● **SOURCE DATA**:
^^^^^^^^
(* Let $p\ne q$ be primes, $G=\mathbb{Z}_p^2\times\mathbb{Z}_q^2$, and let $S\subseteq G$ be spectral with $\gcd(|S|,p^2q^2)=pq$ and $pq<|S|<pq\min\{p,q\}$. Then there exist nonzero $u\in\mathbb{Z}_p^2$ and nonzero $v\in\mathbb{Z}_q^2$ such that $\lambda u\notin S-S$ for every $\lambda\in\mathbb{Z}_p\setminus\{0\}$ and $\mu v\notin S-S$ for every $\mu\in\mathbb{Z}_q\setminus\{0\}$.
   Context: $\mathbb{Z}_p^2$ and $\mathbb{Z}_q^2$ are regarded as subgroups of $G$ (elements $(u,0)$ and $(0,v)$). For $w=(u,v)\in G$ define $\chi_w(a,b)=\exp\big(2\pi i(\tfrac{u\cdot a}{p}+\tfrac{v\cdot b}{q})\big)$ and $\chi(S)=\sum_{s\in S}\chi(s)$. $S$ is spectral if there is $\Lambda\subseteq G$ with $|\Lambda|=|S|$ and $\chi_{\lambda-\lambda'}(S)=0$ for all distinct $\lambda,\lambda'\in\Lambda$. *)

From HB Require Import structures.
From mathcomp Require Import all_boot all_order all_algebra.
From mathcomp Require Import algC.
Set Implicit Arguments. Unset Strict Implicit. Unset Printing Implicit Defensive.
Import Order.TTheory GRing.Theory Num.Theory.
Local Open Scope ring_scope.

(* zeta n = exp(2 pi i / n) in algC: n.-root (-1) is the n-th root of -1
   with minimal nonnegative argument, i.e. exp(i pi / n). *)
Definition zeta (n : nat) : algC := (n.-root (-1)) ^+ 2.

Notation Gpq p q := (('Z_p * 'Z_p) * ('Z_q * 'Z_q))%type.

Definition dot2 (n : nat) (u a : 'Z_n * 'Z_n) : 'Z_n := u.1 * a.1 + u.2 * a.2.

Definition chi (p q : nat) (w x : Gpq p q) : algC :=
  zeta p ^+ (nat_of_ord (dot2 w.1 x.1)) * zeta q ^+ (nat_of_ord (dot2 w.2 x.2)).

Definition chiS (p q : nat) (w : Gpq p q) (S : {set Gpq p q}) : algC :=
  \sum_(s in S) chi w s.

Definition spectral (p q : nat) (S : {set Gpq p q}) : Prop :=
  exists Lambda : {set Gpq p q}, #|Lambda| = #|S| /\
    forall l l', l \in Lambda -> l' \in Lambda -> l != l' -> chiS (l - l') S = 0.

Definition diffset (p q : nat) (S : {set Gpq p q}) : {set Gpq p q} :=
  [set z : Gpq p q | [exists x in S, exists y in S, z == x - y]].

Definition inP (p q : nat) (u : 'Z_p * 'Z_p) : Gpq p q := (u, 0).
Definition inQ (p q : nat) (v : 'Z_q * 'Z_q) : Gpq p q := (0, v).

Definition scal2 (n : nat) (l : 'Z_n) (u : 'Z_n * 'Z_n) : 'Z_n * 'Z_n :=
  (l * u.1, l * u.2).

From mathcomp Require Import all_boot all_order all_algebra.
From mathcomp Require Import algC algnum ring.
Set Implicit Arguments. Unset Strict Implicit. Unset Printing Implicit Defensive.
Import Order.TTheory GRing.Theory Num.Theory.
Local Open Scope ring_scope.

(** Let L be a spectrum of S.  Since #|L| = #|S|, the matrix (chi_l(s)) over
    L x S has orthogonal rows, so it is invertible and its columns are
    orthogonal as well: the sum of chi_l(z) over l in L vanishes for every
    nonzero z in S - S.  Project L to Z_p^2.  If the sums of e(l.1 . w / p)
    over l in L vanished for all nonzero w, Fourier inversion would give
    p^2 | #|L| = #|S|, which the gcd hypothesis forbids.  So the sum is nonzero
    at some u <> 0, and the Galois automorphism zeta_p |-> zeta_p^lam of
    Q(zeta_p) shows that it is nonzero at every lam u as well; hence no lam u
    lies in S - S.  The same argument works for q. *)

Lemma zeta_expn n : (0 < n)%N -> zeta n ^+ n = 1.
Proof. by move=> n_gt0; rewrite /zeta -exprM mulnC exprM rootCK // sqrrN expr1n. Qed.

Lemma zeta_neq1 n : (1 < n)%N -> zeta n != 1.
Proof.
move=> n_gt1; have n_gt0 := ltnW n_gt1; set r := n.-root (-1 : algC).
rewrite /zeta -/r; apply/eqP=> r2_eq1.
have /eqP : (r - 1) * (r + 1) = 0 by rewrite -subr_sqr r2_eq1 expr1n subrr.
rewrite mulf_eq0 subr_eq0 addr_eq0 => /orP[/eqP r1 | /eqP rN1].
  have /eqP := rootCK n_gt0 (-1 : algC); rewrite -/r r1 expr1n.
  by rewrite -subr_eq0 opprK -(natrD _ 1 1) pnatr_eq0.
by have := rootC_lt0 (-1 : algC) n_gt1; rewrite -/r rN1 ltrN10.
Qed.

Section Dot2.

Variable n : nat.
Implicit Types u w a b : 'Z_n * 'Z_n.

Lemma dot2Dl u w a : dot2 (u + w) a = dot2 u a + dot2 w a.
Proof. by rewrite /dot2 /=; ring. Qed.

Lemma dot2Dr u a b : dot2 u (a + b) = dot2 u a + dot2 u b.
Proof. by rewrite /dot2 /=; ring. Qed.

Lemma dot2Nl u a : dot2 (- u) a = dot2 u (- a).
Proof. by rewrite /dot2 /=; ring. Qed.

Lemma dot2_0l a : dot2 0 a = 0.
Proof. by rewrite /dot2 /=; ring. Qed.

Lemma dot2_0r u : dot2 u 0 = 0.
Proof. by rewrite /dot2 /=; ring. Qed.

Lemma dot2_scal2r u w (lam : 'Z_n) : dot2 u (scal2 lam w) = lam * dot2 u w.
Proof. by rewrite /dot2 /=; ring. Qed.

End Dot2.

Section AdditiveCharacter.

Variable n : nat.
Hypothesis n_prime : prime n.

Let n_gt1 : (1 < n)%N := prime_gt1 n_prime.

Definition addchar (a : 'Z_n) : algC := zeta n ^+ a.

Let zeta_exp_modulus : zeta n ^+ (Zp_trunc n).+2 = 1.
Proof. by rewrite (Zp_cast n_gt1) (zeta_expn (ltnW n_gt1)). Qed.

Lemma addchar0 : addchar 0 = 1.
Proof. exact: expr0. Qed.

Lemma addcharD (a b : 'Z_n) : addchar (a + b) = addchar a * addchar b.
Proof. by rewrite /addchar -exprD -[RHS](expr_mod _ zeta_exp_modulus). Qed.

Lemma addcharM (a b : 'Z_n) : addchar (a * b) = addchar a ^+ b.
Proof. by rewrite /addchar -exprM -[RHS](expr_mod _ zeta_exp_modulus). Qed.

Lemma unitZp_prime (c : 'Z_n) : c != 0 -> c \is a GRing.unit.
Proof.
move=> c_neq0; rewrite -(natr_Zp c) unitZpE // prime_coprime //.
have c_gt0 : (0 < c)%N by move: c_neq0; rewrite lt0n -val_eqE.
by apply/negP=> /(dvdn_leq c_gt0); rewrite leqNgt -{2}(Zp_cast n_gt1) ltn_ord.
Qed.

Lemma sum_addcharM (c : 'Z_n) :
  \sum_(x : 'Z_n) addchar (c * x) = if c == 0 then n%:R else 0.
Proof.
have [-> | c_neq0] := eqVneq c 0.
  under eq_bigr do rewrite mul0r addchar0.
  by rewrite sumr_const card_ord Zp_cast.
transitivity (\sum_(x : 'Z_n) addchar x).
  by symmetry; apply: reindex_inj; apply: mulrI; apply: unitZp_prime.
have /eqP : (zeta n - 1) * \sum_(i < (Zp_trunc n).+2) zeta n ^+ i = 0.
  by rewrite -subrX1 zeta_exp_modulus subrr.
rewrite mulf_eq0 subr_eq0 (negbTE (zeta_neq1 n_gt1)) /= => /eqP; exact.
Qed.

Lemma sum_addchar_dot2 (u : 'Z_n * 'Z_n) :
  \sum_(w : 'Z_n * 'Z_n) addchar (dot2 u w) = if u == 0 then (n ^ 2)%:R else 0.
Proof.
transitivity (\sum_(i : 'Z_n) \sum_(j : 'Z_n) addchar (u.1 * i) * addchar (u.2 * j)).
  by rewrite pair_bigA; apply: eq_bigr => -[i j] _; rewrite addcharD.
under eq_bigr do rewrite -mulr_sumr.
rewrite -mulr_suml !sum_addcharM; case: u => a b /=; rewrite xpair_eqE.
by case: eqP; case: eqP; rewrite ?mulr0 ?mul0r // -natrM mulnn.
Qed.

Lemma scal2_eq0 (lam : 'Z_n) w : lam != 0 -> (scal2 lam w == 0) = (w == 0).
Proof.
move=> /unitZp_prime/mulrI lam_reg.
by case: w => a b; rewrite /scal2 /= !xpair_eqE !mulrI_eq0.
Qed.

Lemma sum_addcharM_eq0 (I : finType) (P : pred I) (a : I -> 'Z_n) (lam : 'Z_n) :
  lam != 0 -> \sum_(i | P i) addchar (lam * a i) = 0 ->
  \sum_(i | P i) addchar (a i) = 0.
Proof.
move=> lam_neq0 sum0; have lam_unit := unitZp_prime lam_neq0.
have coprime_inv : coprime lam^-1 n by rewrite coprime_sym -unitZpE // natr_Zp unitrV.
have [sigma sigmaE] := Qn_aut_exists coprime_inv.
have := congr1 sigma sum0; rewrite rmorph0 rmorph_sum => sigma_sum0.
apply: etrans sigma_sum0; apply: eq_bigr => i _; rewrite sigmaE; last first.
  by rewrite /addchar exprAC (zeta_expn (ltnW n_gt1)) expr1n.
by rewrite -addcharM mulrC mulrA mulVr // mul1r.
Qed.

Lemma card_of_vanishing_fourier (T : finType) (L : {set T}) (f : T -> 'Z_n * 'Z_n) :
  (forall w, w != 0 -> \sum_(l in L) addchar (dot2 (f l) w) = 0) ->
  #|L| = (n ^ 2 * #|[set l in L | f l == 0%R]|)%N.
Proof.
move=> vanish.
have /eqP : \sum_(w : 'Z_n * 'Z_n) \sum_(l in L) addchar (dot2 (f l) w) = #|L|%:R.
  rewrite (bigD1 (0 : 'Z_n * 'Z_n)) //= [X in _ + X]big1 ?addr0; last exact: vanish.
  under eq_bigr do rewrite dot2_0r addchar0.
  by rewrite sumr_const.
rewrite exchange_big /=.
under eq_bigr do rewrite sum_addchar_dot2.
rewrite -big_mkcondr sumr_const -mulrnA eqr_nat => /eqP <-.
by congr (_ * _)%N; apply: eq_card => l; rewrite inE.
Qed.

Lemma exists_line_nonvanishing (T : finType) (L : {set T}) (f : T -> 'Z_n * 'Z_n) :
  ~~ (n ^ 2 %| #|L|)%N ->
  exists2 u, u != 0 & forall lam, lam != 0 ->
    \sum_(l in L) addchar (dot2 (f l) (scal2 lam u)) != 0.
Proof.
move=> ndvd.
have [u /andP[u_neq0 sum_neq0] | vanish] :=
  pickP [pred u | (u != 0) && (\sum_(l in L) addchar (dot2 (f l) u) != 0)].
  exists u => // lam lam_neq0; apply: contra sum_neq0.
  under eq_bigr do rewrite dot2_scal2r.
  by move/eqP/sum_addcharM_eq0 => /(_ lam_neq0) ->.
case/negP: ndvd; rewrite (card_of_vanishing_fourier (f := f)); first exact/dvdn_mulr/dvdnn.
by move=> w w_neq0; apply/eqP; have := vanish w; rewrite /= w_neq0 => /negbFE.
Qed.

End AdditiveCharacter.

Lemma mulmx1C_cast (R : comPzRingType) m n (A : 'M[R]_(m, n)) (B : 'M_(n, m)) :
  m = n -> A *m B = 1%:M -> B *m A = 1%:M.
Proof. by move=> eq_mn; case: n / eq_mn in A B *; apply: mulmx1C. Qed.

Lemma orthogonal_cols_of_rows (R : numFieldType) (I J : finType)
    (L : {set I}) (S : {set J}) (c d : I -> J -> R) :
  #|L| = #|S| ->
  {in L &, forall l l',
     \sum_(s in S) c l s * d l' s = if l == l' then #|S|%:R else 0} ->
  {in S &, forall s s', s != s' -> \sum_(l in L) d l s * c l s' = 0}.
Proof.
move=> cardL rows s s' sS s'S s_neq_s'.
pose A : 'M[R]_(#|L|, #|S|) := \matrix_(i, j) c (enum_val i) (enum_val j).
pose B : 'M[R]_(#|S|, #|L|) := \matrix_(j, i) d (enum_val i) (enum_val j).
have S_neq0 : #|S|%:R != 0 :> R by rewrite pnatr_eq0 -lt0n; apply/card_gt0P; exists s.
have AB : (#|S|%:R^-1 *: A) *m B = 1%:M.
  apply/matrixP=> i i'; rewrite -scalemxAl !mxE.
  under eq_bigr do rewrite !mxE.
  rewrite -(big_enum_val (fun s => c (enum_val i) s * d (enum_val i') s)).
  rewrite rows ?enum_valP // (inj_eq enum_val_inj).
  by case: eqP => _; rewrite ?mulr0 ?mulVf.
have /matrixP/(_ (enum_rank_in sS s) (enum_rank_in sS s')) := mulmx1C_cast cardL AB.
rewrite -scalemxAr !mxE.
have -> : (enum_rank_in sS s == enum_rank_in sS s') = false.
  by apply: contraNF s_neq_s' => /eqP/enum_rank_in_inj ->.
move/eqP; rewrite mulf_eq0 invr_eq0 (negbTE S_neq0) /= => /eqP sum0.
rewrite big_enum_val -[RHS]sum0; apply: eq_bigr => i _.
by rewrite !mxE !enum_rankK_in.
Qed.

Lemma sq_ndvd_of_gcd p q k m : (0 < p)%N -> ~~ (p %| q)%N ->
  gcdn m (p ^ 2 * k) = (p * q)%N -> ~~ (p ^ 2 %| m)%N.
Proof.
move=> p_gt0 p_ndvd_q gcd_m; apply: contra p_ndvd_q => sq_dvd_m.
have : (p ^ 2 %| p * q)%N by rewrite -gcd_m dvdn_gcd sq_dvd_m dvdn_mulr.
by rewrite expnS expn1 dvdn_pmul2l.
Qed.

Section CharactersOfG.

Variables p q : nat.
Hypotheses (p_prime : prime p) (q_prime : prime q).
Implicit Types w x : Gpq p q.

Lemma chiE w x : chi w x = addchar (dot2 w.1 x.1) * addchar (dot2 w.2 x.2).
Proof. by []. Qed.

Lemma chiDl w w' x : chi (w + w') x = chi w x * chi w' x.
Proof. by rewrite !chiE !dot2Dl !addcharD // mulrACA. Qed.

Lemma chiDr w x x' : chi w (x + x') = chi w x * chi w x'.
Proof. by rewrite !chiE !dot2Dr !addcharD // mulrACA. Qed.

Lemma chiNl w x : chi (- w) x = chi w (- x).
Proof. by rewrite !chiE !dot2Nl. Qed.

Lemma chi0l x : chi 0 x = 1.
Proof. by rewrite chiE !dot2_0l !addchar0 mulr1. Qed.

Lemma chi_inP w (u : 'Z_p * 'Z_p) : chi w (inP q u) = addchar (dot2 w.1 u).
Proof. by rewrite chiE dot2_0r addchar0 mulr1. Qed.

Lemma chi_inQ w (v : 'Z_q * 'Z_q) : chi w (inQ p v) = addchar (dot2 w.2 v).
Proof. by rewrite chiE dot2_0r addchar0 mul1r. Qed.

Lemma inP_eq0 (u : 'Z_p * 'Z_p) : (inP q u == 0) = (u == 0).
Proof. by rewrite /inP -pair_eqE /= eqxx andbT. Qed.

Lemma inQ_eq0 (v : 'Z_q * 'Z_q) : (inQ p v == 0) = (v == 0).
Proof. by rewrite /inQ -pair_eqE. Qed.

Lemma spectrum_annihilates_diffset (S : {set Gpq p q}) : spectral S ->
  exists2 L : {set Gpq p q}, #|L| = #|S| &
    forall z, z != 0 -> z \in diffset S -> \sum_(l in L) chi l z = 0.
Proof.
case=> L [cardL orthL]; exists L => // z z_neq0.
rewrite inE => /exists_inP[x xS /exists_inP[y yS /eqP z_def]].
have y_neq_x : y != x by apply: contraNneq z_neq0 => yx; rewrite z_def yx subrr.
have rows : {in L &, forall l l', \sum_(s in S) chi l s * chi (- l') s =
                                  if l == l' then #|S|%:R else 0}.
  move=> l l' lL l'L; under eq_bigr do rewrite -chiDl.
  have [<- | l_neq_l'] := eqVneq l l'; last exact: orthL.
  by under eq_bigr do rewrite subrr chi0l; rewrite sumr_const.
rewrite z_def; under eq_bigr do rewrite addrC chiDr -chiNl.
exact: (orthogonal_cols_of_rows cardL rows yS xS y_neq_x).
Qed.

End CharactersOfG.

Theorem lemma4p5 (p q : nat) (S : {set Gpq p q}) :
  prime p -> prime q -> p != q ->
  spectral S ->
  gcdn #|S| (p ^ 2 * q ^ 2) = (p * q)%N ->
  (p * q < #|S|)%N -> (#|S| < p * q * minn p q)%N ->
  exists u : 'Z_p * 'Z_p, exists v : 'Z_q * 'Z_q,
    [/\ u != 0, v != 0,
        (forall lam : 'Z_p, lam != 0 -> inP q (scal2 lam u) \notin diffset S) &
        (forall mu : 'Z_q, mu != 0 -> inQ p (scal2 mu v) \notin diffset S)].
Proof.
move=> p_prime q_prime p_neq_q spS gcdS _ _.
have [L cardL sum_chi0] := spectrum_annihilates_diffset p_prime q_prime spS.
have ndvd_p : ~~ (p ^ 2 %| #|L|)%N.
  by rewrite cardL (sq_ndvd_of_gcd _ _ gcdS) ?prime_gt0 ?dvdn_prime2.
have ndvd_q : ~~ (q ^ 2 %| #|L|)%N.
  have gcdS' : gcdn #|S| (q ^ 2 * p ^ 2) = (q * p)%N by rewrite mulnC [(q * p)%N]mulnC.
  by rewrite cardL (sq_ndvd_of_gcd _ _ gcdS') ?prime_gt0 ?dvdn_prime2 // eq_sym.
have [u u_neq0 sum_u] := exists_line_nonvanishing p_prime (fun l : Gpq p q => l.1) ndvd_p.
have [v v_neq0 sum_v] := exists_line_nonvanishing q_prime (fun l : Gpq p q => l.2) ndvd_q.
exists u, v; split=> // [lam lam_neq0 | mu mu_neq0]; apply/negP => in_diff.
- case/negP: (sum_u _ lam_neq0); apply/eqP.
  rewrite -[RHS](sum_chi0 _ _ in_diff) ?inP_eq0 ?scal2_eq0 //.
  by apply: eq_bigr => l _; rewrite chi_inP.
- case/negP: (sum_v _ mu_neq0); apply/eqP.
  rewrite -[RHS](sum_chi0 _ _ in_diff) ?inQ_eq0 ?scal2_eq0 //.
  by apply: eq_bigr => l _; rewrite chi_inQ.
Qed.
^^^^^^^^
● **WORK ITEM**: Repeat the entries above verbatim, but only from the line that has "over l in L vanished" down to the line that has "Lemma zeta_expn n", inclusive.

● **ANSWER TO THIS PROBLEM**:
    over l in L vanished for all nonzero w, Fourier inversion would give
    p^2 | #|L| = #|S|, which the gcd hypothesis forbids.  So the sum is nonzero
    at some u <> 0, and the Galois automorphism zeta_p |-> zeta_p^lam of
    Q(zeta_p) shows that it is nonzero at every lam u as well; hence no lam u
    lies in S - S.  The same argument works for q. *)

Lemma zeta_expn n : (0 < n)%N -> zeta n ^+ n = 1.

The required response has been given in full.